TASK INSTRUCTIONS: The lines you return should be those containing the string "ffun", taken from the data below.

PROVIDED DATA:
(* Let $S$ be a finite inverse semigroup and let $\langle\cdot,\cdot\rangle$ be the sesquilinear form on $\mathbb{C}S$ determined by $$\langle\lfloor s\rfloor,\lfloor t\rfloor\rangle=\begin{cases}1 & \text{if } s=t,\\ 0 & \text{otherwise,}\end{cases}\qquad s,t\in S.$$ Then the isotypic subspaces of $\mathbb{C}S$ are mutually orthogonal with respect to $\langle\cdot,\cdot\rangle$.
   Context: **Inverse semigroups.** $S$ is a finite inverse semigroup: every $x\in S$ has a unique $x^{-1}$ with $xx^{-1}x=x$ and $x^{-1}xx^{-1}=x^{-1}$. **Groupoid basis.** The natural partial order is $t\le s$ iff $t=es$ for some idempotent $e\in S$, with Möbius function $\mu$. The groupoid basis of $\mathbb{C}S$ is $\{\lfloor s\rfloor\}_{s\in S}$, where $\lfloor s\rfloor=\sum_{t\le s}\mu(t,s)t$. **Isotypic subspaces.** $\mathbb{C}S$ is semisimple. Its isotypic subspaces are the isotypic components of $\mathbb{C}S$ as a left module over itself: for each irreducible representation, the sum of all simple left ideals isomorphic to it. Equivalently, they are the minimal two-sided ideals of $\mathbb{C}S$. *)

From mathcomp Require Import all_boot all_order all_algebra.
From mathcomp Require Import algC.
Set Implicit Arguments. Unset Strict Implicit. Unset Printing Implicit Defensive.
Import Order.TTheory GRing.Theory Num.Theory.
Local Open Scope ring_scope.

Section InvSemigroup.
Variables (S : finType) (mul : S -> S -> S).


Definition is_inverse_semigroup : Prop :=
  associative mul /\
  forall x, exists! y, mul (mul x y) x = x /\ mul (mul y x) y = y.

Definition idempotent_el (e : S) : bool := mul e e == e.

Definition nat_le (t s : S) : bool :=
  [exists e, idempotent_el e && (t == mul e s)].

Definition nat_lt (t s : S) : bool := (t != s) && nat_le t s.

(* Recursion is on a fuel argument; fuel #|S| exceeds every chain length. *)
Fixpoint mobius_fuel (n : nat) (t s : S) : algC :=
  match n with
  | 0 => (t == s)%:R
  | n'.+1 =>
      if t == s then 1
      else if nat_le t s then
        - \sum_(u | nat_le t u && nat_lt u s) mobius_fuel n' t u
      else 0
  end.

Definition mobius (t s : S) : algC := mobius_fuel #|S| t s.

(* The semigroup algebra CS: functions S -> C, point masses = elements of S. *)
Local Notation CS := {ffun S -> algC}.

Definition delta (s : S) : CS := [ffun u => (u == s)%:R].

Definition cs_mul (a b : CS) : CS :=
  [ffun u => \sum_(p : S * S | mul p.1 p.2 == u) a p.1 * b p.2].

(* groupoid basis element floor(s) = sum_{t <= s} mu(t,s) t *)
Definition gbasis (s : S) : CS :=
  [ffun u => if nat_le u s then mobius u s else 0].

Definition cs_scale (c : algC) (x : CS) : CS := [ffun u => c * x u].

Definition two_sided_ideal (I : CS -> Prop) : Prop :=
  [/\ I 0,
      (forall x y, I x -> I y -> I (x + y)),
      (forall (c : algC) x, I x -> I (cs_scale c x)),
      (forall a x, I x -> I (cs_mul a x)) &
      (forall a x, I x -> I (cs_mul x a))].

THE COMPLETED TASK:
Local Notation CS := {ffun S -> algC}.
Definition delta (s : S) : CS := [ffun u => (u == s)%:R].
  [ffun u => \sum_(p : S * S | mul p.1 p.2 == u) a p.1 * b p.2].
  [ffun u => if nat_le u s then mobius u s else 0].
Definition cs_scale (c : algC) (x : CS) : CS := [ffun u => c * x u].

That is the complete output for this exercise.